Carceri, la riforma dispersa:
boom di suicidi nelle celle lager

Carceri, la riforma dispersa: boom di suicidi nelle celle lager
di Francesco Lo Dico
Domenica 19 Novembre 2017, 12:45 - Ultimo agg. 17:03
6 Minuti di Lettura

Il numero 47 si è tolto la vita in una cella di Santa Maria Capua Vetere il mese scorso. Ma Gaetano Della Monica, che numero non si sentiva, ha infilato la testa in una busta e l'ha annodata al tubo del gas del fornellino. Da uomo libero si era guadagnato il nomignolo di re dei falsi matrimoni, ma in carcere ha sposato la morte. Proprio come altri 46 prima di lui da gennaio a oggi stipati in cella, uno sull'altro, come topi su una nave che affonda. Sullo sfondo, attesa da anni, c'è la riforma dell'ordinamento penitenziario approvata dal Parlamento il 23 giugno scorso che affida al governo un'ampia delega. Il ministro Orlando l'ha fortemente voluta e di questo gli va dato atto, ma dopo cinque mesi le bozze dei decreti attuativi non sono ancora sul tavolo del Consiglio dei ministri. Su pressione delle radicali Bernardini e Cianfanelli, in sciopero della fame negli ultimi trenta giorni insieme a 10mila detenuti, si era parlato di fine estate, ma niente. Le ultime bozze dei decreti attuativi sono state trasmesse al Garante dei detenuti proprio l'altro ieri, nelle stesse ore in cui le prime sono state spedite dal Guardasigilli a Palazzo Chigi.

Orlando assicura che la partita sarà chiusa entro il 31 dicembre. Ma una volta approvati dal Consiglio dei ministri, i decreti dovranno passare in uno snervante ping pong alle commissioni giustizia del Senato e della Camera, che a loro volta dovranno esprimere un parere sui provvedimenti, che di nuovo, come in un gioco dell'oca, dovranno tornare tra le mani del governo per l'eventuale approvazione definitiva. E i tempi, visto che si è a fine legislatura, sono davvero risicati.
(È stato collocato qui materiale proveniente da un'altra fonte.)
(* With r = M^(1/4): 15 M^(3/2) ln M = 60 r^6 ln r < 60 r^7 <= r^8 / 16 once r >= 960. *)
Lemma powR32_ln_le (M : R) : 0 <= M -> 960 <= M `^ (1 / 4) ->
  15 * M `^ (3 / 2) * ln M <= M ^+ 2 / 16.
Proof.
move=> M0; have r4 := powR_quarterK M0.
have -> : M `^ (3 / 2) = (M `^ (1 / 4)) ^+ 6.
  by rewrite -powR_mulrn ?powR_ge0 // -powRrM; congr (M `^ _); lra.
move: r4; set r := M `^ (1 / 4) => <- r_ge.
have r0 : 0 < r by lra.
rewrite lnXn //.
have lnr_lt := ln_sublinear r0.
have r6 := exprn_ge0 6 (ltW r0).
have r7 := exprn_ge0 7 (ltW r0).
have : 15 * r ^+ 6 * (ln r *+ 4) <= 60 * r ^+ 7.
  by rewrite (exprS r 6); have := ler_wpM2l r6 (ltW lnr_lt); lra.
have : 60 * r ^+ 7 <= r ^+ 8 / 16.
  by rewrite (exprS r 7); have := ler_wpM2l r7 r_ge; lra.
by rewrite -exprM; lra.
Qed.

Lemma nqueries_le (m : nat) (D : R) : 960 <= (m%:R : R) `^ (1 / 4) -> 0 < D ->
  D * ln (m%:R : R) <= m%:R / 8 ->
  0 <= nqueries m D /\ nqueries m D * D ^+ 2 / m%:R ^+ 3 <= 1 / 8.
Proof.
rewrite /nqueries; set M : R := m%:R; set L := ln M => r_ge D0 DL_le.
have M0 : 0 <= M := ler0n R m.
have M_gt0 : 0 < M.
  rewrite lt0r M0 andbT; apply: contraTneq r_ge => ->.
  by rewrite powR0 -?ltNge ?ltr0n // div1r invr_neq0.
have L1 : 1 <= L.
  have r_gt0 : 0 < M `^ (1 / 4) := powR_gt0 _ M_gt0.
  rewrite /L -(powR_quarterK M0) lnXn // ; have := ln_ge1_sub_inv r_gt0.
  have : (M `^ (1 / 4))^-1 <= 960^-1 by rewrite lef_pV2 ?posrE ?ltr0n.
  lra.
set E := 15 * M `^ (3 / 2) / D ^+ 2 * L + L ^+ 2.
have E_lt : (Num.ceil E)%:~R < E + 1 :> R.
  by have := ceilB1_lt E; rewrite rmorphB /=; lra.
have E0 : 0 <= E.
  by rewrite addr_ge0 ?sqr_ge0 // mulr_ge0 ?divr_ge0 ?sqr_ge0 ?mulr_ge0 ?powR_ge0 //; lra.
split; first by rewrite mulr_ge0 // (le_trans E0 (ceil_ge E)).
have D2 : 0 < D ^+ 2 by rewrite exprn_gt0.
have ED : (E + 1) * D ^+ 2 = 15 * M `^ (3 / 2) * L + (L ^+ 2 + 1) * D ^+ 2.
  by rewrite /E; field; rewrite gt_eqF.
have first_le := powR32_ln_le M0 r_ge; rewrite -/L in first_le.
have second_le : (L ^+ 2 + 1) * D ^+ 2 <= M ^+ 2 / 32.
  have DL0 : 0 <= D * L by rewrite mulr_ge0 //; lra.
  have : (D * L) ^+ 2 <= (M / 8) ^+ 2 by rewrite ler_pXn2r ?nnegrE //; lra.
  rewrite exprMn; have := ler_wpM2l (ltW D2) (_ : 1 <= L ^+ 2); nra.
rewrite ler_pdivrMr ?exprn_gt0 //.
have : M * (Num.ceil E)%:~R * D ^+ 2 <= M * ((E + 1) * D ^+ 2).
  by rewrite -mulrA ler_pM2l // ler_pM2r // ltW.
rewrite ED => ceil_le; have := ler_wpM2l M0 (lerD first_le second_le).
have := mulr_ge0 M0 (sqr_ge0 M); rewrite (exprS M 2); lra.
Qed.

End query_count.

Section allocation.
Context {R : realType} {m : nat}.
Implicit Types (ua ub : 'I_m -> R) (A : {set 'I_m}).

Lemma envy_le_sum_norm ua ub A (c D : R) : 0 <= c -> envy ua ub A <= - D ->
  (1 + c) * D <= \sum_(i < m) `|c * ua i - ub i|.
Proof.
rewrite /envy /envy_ab /envy_ba ge_max => c0 /andP[ab_le ba_le].
have -> : \sum_(i < m) `|c * ua i - ub i| =
    \sum_(i in A) `|c * ua i - ub i| + \sum_(i in ~: A) `|c * ua i - ub i|.
  by rewrite (bigID (mem A)) /=; congr (_ + _); apply: eq_bigl => i; rewrite inE.
have in_A : c * \sum_(i in A) ua i - \sum_(i in A) ub i <= \sum_(i in A) `|c * ua i - ub i|.
  by rewrite mulr_sumr -sumrB; apply: ler_sum => i _; exact: ler_norm.
have out_A : \sum_(i in ~: A) ub i - c * \sum_(i in ~: A) ua i <=
             \sum_(i in ~: A) `|c * ua i - ub i|.
  by rewrite mulr_sumr -sumrB; apply: ler_sum => i _; rewrite distrC ler_norm.
by have := ler_wpM2l c0 ab_le; lra.
Qed.

Lemma sum_norm_zval q ua ub (c : R) :
  \sum_(i < m) `|zval q ua ub c i| =
  Num.sqrt (q / (m%:R * (1 + c ^+ 2))) * \sum_(i < m) `|c * ua i - ub i|.
Proof.
by rewrite mulr_sumr; apply: eq_bigr => i _; rewrite normrM ger0_norm ?sqrtr_ge0.
Qed.

End allocation.

Lemma tangent_le_mul_min (R : realType) (t x : R) : 0 <= t -> 0 <= x <= 1 / 2 ->
  2 * x * t - x ^+ 2 <= t * Num.min t 1.
Proof.
move=> t0 /andP[x0 x_le]; have [t1|t1] := leP t 1.
- by have := sqr_ge0 (t - x); nra.
- nra.
Qed.

Lemma sum_gaussQ_terms_ge (R : realType) (m : nat) (z : 'I_m -> R) (x : R) :
  0 <= x <= 1 / 2 -> m%:R * x <= \sum_(i < m) `|z i| ->
  m%:R * x ^+ 2 / 3 <= \sum_(i < m) (1 - 2 * gaussQ (z i)) * z i.
Proof.
move=> x_bd sum_ge.
have term_ge i : (2 * x * `|z i| - x ^+ 2) / 3 <= (1 - 2 * gaussQ (z i)) * z i.
  apply: le_trans (mul_one_sub_twice_gaussQ_ge (z i)).
  by have := tangent_le_mul_min (normr_ge0 (z i)) x_bd; lra.
apply: le_trans (ler_sum _ (fun i _ => term_ge i)).
rewrite -mulr_suml sumrB -mulr_sumr sumr_const card_ord -mulr_natl.
have /andP[x0 _] := x_bd; have x2_ge0 : 0 <= 2 * x by lra.
by have := ler_wpM2l x2_ge0 sum_ge; lra.
Qed.

Lemma nqueries_small_eventually (R : realType) (Delta : nat -> R) :
  (forall m : nat, (m%:R : R) `^ (1 / 4) * (ln (m%:R : R)) ^+ 2 <= Delta m) ->
  (fun m : nat => Delta m / ((m%:R : R) / ln (m%:R : R))) @ \oo --> (0 : R) ->
  \forall m \near \oo, [/\ (0 < m)%N, 0 < Delta m, 0 <= nqueries m (Delta m) &
                          nqueries m (Delta m) * Delta m ^+ 2 / m%:R ^+ 3 <= 1 / 8].
Proof.
move=> Delta_ge Delta_o.
near=> m.
have m_ge : (960 ^+ 4 : R) <= m%:R by near: m; exact: nbhs_infty_ger.
have r_ge : 960 <= (m%:R : R) `^ (1 / 4) := ge_powR_quarter (ler0n R 960) m_ge.
have r_gt0 : 0 < (m%:R : R) `^ (1 / 4) := lt_le_trans (ltr0n R 960) r_ge.
have M_gt0 : 0 < (m%:R : R) := lt_le_trans (exprn_gt0 4 (ltr0n R 960)) m_ge.
have L_gt0 : 0 < ln (m%:R : R).
  by apply: ln_gt0; apply: lt_le_trans m_ge; rewrite exprn_egt1 ?ltr1n.
have D_gt0 : 0 < Delta m.
  by apply: lt_le_trans (Delta_ge m); rewrite mulr_gt0 ?exprn_gt0.
have DL_le : Delta m * ln m%:R <= m%:R / 8.
  have : `|Delta m / (m%:R / ln m%:R)| < 1 / 8.
    by near: m; apply: (cvgr0_norm_lt _ Delta_o); lra.
  rewrite invf_div mulrA ger0_norm; last by rewrite divr_ge0 ?mulr_ge0 // ltW.
  by rewrite ltr_pdivrMr //; lra.
have [q0 qD_le] := nqueries_le r_ge D_gt0 DL_le.
by split => //; rewrite -(ltr0n R).
Unshelve. all: by end_near.
Qed.

Lemma sum_gaussQ_zval_ge (R : realType) (m : nat) (q D c : R) (ua ub : 'I_m -> R)
    (A : {set 'I_m}) :
  (0 < m)%N -> 0 <= q -> 0 <= D -> q * D ^+ 2 / m%:R ^+ 3 <= 1 / 8 ->
  envy ua ub A <= - D -> 0 < c ->
  q / m%:R ^+ 2 * ((1 + c) ^+ 2 / (1 + c ^+ 2)) * D ^+ 2 / 3 <=
  \sum_(i < m) (1 - 2 * gaussQ (zval q ua ub c i)) * zval q ua ub c i.
Proof.
move=> m_gt0 q0 D0 qD_le envy_le c0.
set M : R := m%:R; have M_gt0 : 0 < M by rewrite ltr0n.
have c2_gt0 : 0 < 1 + c ^+ 2 by rewrite ltr_pwDl ?sqr_ge0.
set K := (1 + c) ^+ 2 / (1 + c ^+ 2).
have K_le : K <= 2 by rewrite ler_pdivrMr //; have := sqr_ge0 (c - 1); nra.
have K_ge : 0 <= K by rewrite divr_ge0 ?sqr_ge0 // ltW.
set s := Num.sqrt (q / (M * (1 + c ^+ 2))).
have s2 : s ^+ 2 = q / (M * (1 + c ^+ 2)).
  by rewrite sqr_sqrtr // divr_ge0 // mulr_ge0 // ltW.
set x := s * (1 + c) * D / M.
have x0 : 0 <= x by rewrite divr_ge0 ?mulr_ge0 ?sqrtr_ge0 ?addr_ge0 // ltW.
have x2 : x ^+ 2 = q * D ^+ 2 / M ^+ 3 * K.
  by rewrite /x /K !exprMn exprVn s2; field; rewrite !gt_eqF.
have x_le : x <= 1 / 2.
  have : 0 <= q * D ^+ 2 / M ^+ 3 by rewrite divr_ge0 ?mulr_ge0 ?sqr_ge0 // exprn_ge0 // ltW.
  have : x ^+ 2 <= 1 / 4 by rewrite x2; nra.
  nra.
have sum_ge : M * x <= \sum_(i < m) `|zval q ua ub c i|.
  rewrite sum_norm_zval (_ : M * x = s * ((1 + c) * D)); last by rewrite /x; field; rewrite gt_eqF.
  by rewrite ler_wpM2l ?sqrtr_ge0 // (envy_le_sum_norm (ltW c0) envy_le).
have -> : q / M ^+ 2 * K * D ^+ 2 / 3 = M * x ^+ 2 / 3.
  by rewrite x2; field; rewrite gt_eqF.
by apply: sum_gaussQ_terms_ge sum_ge; rewrite x0 x_le.
Qed.

Theorem lemma12 (R : realType) (Delta : nat -> R)
  (hDlow : forall m : nat, (m%:R : R) `^ (1 / 4) * (ln (m%:R : R)) ^+ 2 <= Delta m)
  (hDo : (fun m : nat => Delta m / ((m%:R : R) / ln (m%:R : R))) @ \oo --> (0 : R)) :
  exists M0 : nat, forall m : nat, (M0 <= m)%N ->
  forall ua ub : 'I_m -> R,
    (forall i, 0 <= ua i <= 1) -> (forall i, 0 <= ub i <= 1) ->
    (exists A : {set 'I_m}, envy ua ub A <= - Delta m) ->
  forall c : R, 0 < c ->
    let q := nqueries m (Delta m) in
    \sum_(i < m) (1 - 2 * gaussQ (zval q ua ub c i)) * zval q ua ub c i
      >= 21 / 100 * (q / (m%:R ^+ 2)) * ((1 + c) ^+ 2 / (1 + c ^+ 2)) * Delta m ^+ 2.
Proof.
have [M0 _ eventually_small] := nqueries_small_eventually hDlow hDo.
exists M0 => m /eventually_small[m_gt0 D_gt0 q0 qD_le] ua ub _ _ [A envy_le] c c0 /=.
apply: le_trans (sum_gaussQ_zval_ge m_gt0 q0 (ltW D_gt0) qD_le envy_le c0).
have K_ge0 := divr_ge0 (sqr_ge0 (1 + c)) (addr_ge0 ler01 (sqr_ge0 c)).
have := mulr_ge0 (mulr_ge0 (divr_ge0 q0 (sqr_ge0 m%:R)) K_ge0) (sqr_ge0 (Delta m)).
lra.
Qed.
La barca è ancora in alto mare, insomma, e rischia di finire inghiottita dai marosi di fine legislatura. Un flop epocale. Nata dal lavoro di una commissione di esperti che toccano con mano ogni giorno il dramma carcerario, e presieduta dal penalista Giostra, la riforma va dopo 40 anni di buio (l'ultimo riordino è del '75) nella direzione giusta. Semplifica il ricorso alle misure alternative, elimina automatismi e preclusioni che impediscono a molti l'accesso ai benefici penitenziari, incentiva la giustizia riparativa, e incrementa il lavoro fuori e all'interno dei penitenziari. Prevede modifiche per migliorare l'assistenza sanitaria spesso deficitaria, specie in campo psichiatrico, e nuove misure di sicurezza. Importanti misure sono previste anche per agevolare l'integrazione dei detenuti stranieri, delle donne (le madri in particolare), e politiche, in equilibrio tra una sorveglianza più stretta e maggiore libertà di culto, destinare a tenere sotto controllo il proselitismo e la radicalizzazione dei reclusi di fede islamica. La riforma valorizza poi il volontariato e riconosce il diritto all'affettività. In sintesi restituisce ai detenuti quei diritti negati, che la Costituzione assegna ai detenuti, e spesso hanno reso pura utopia la funzione rieducativa della pena.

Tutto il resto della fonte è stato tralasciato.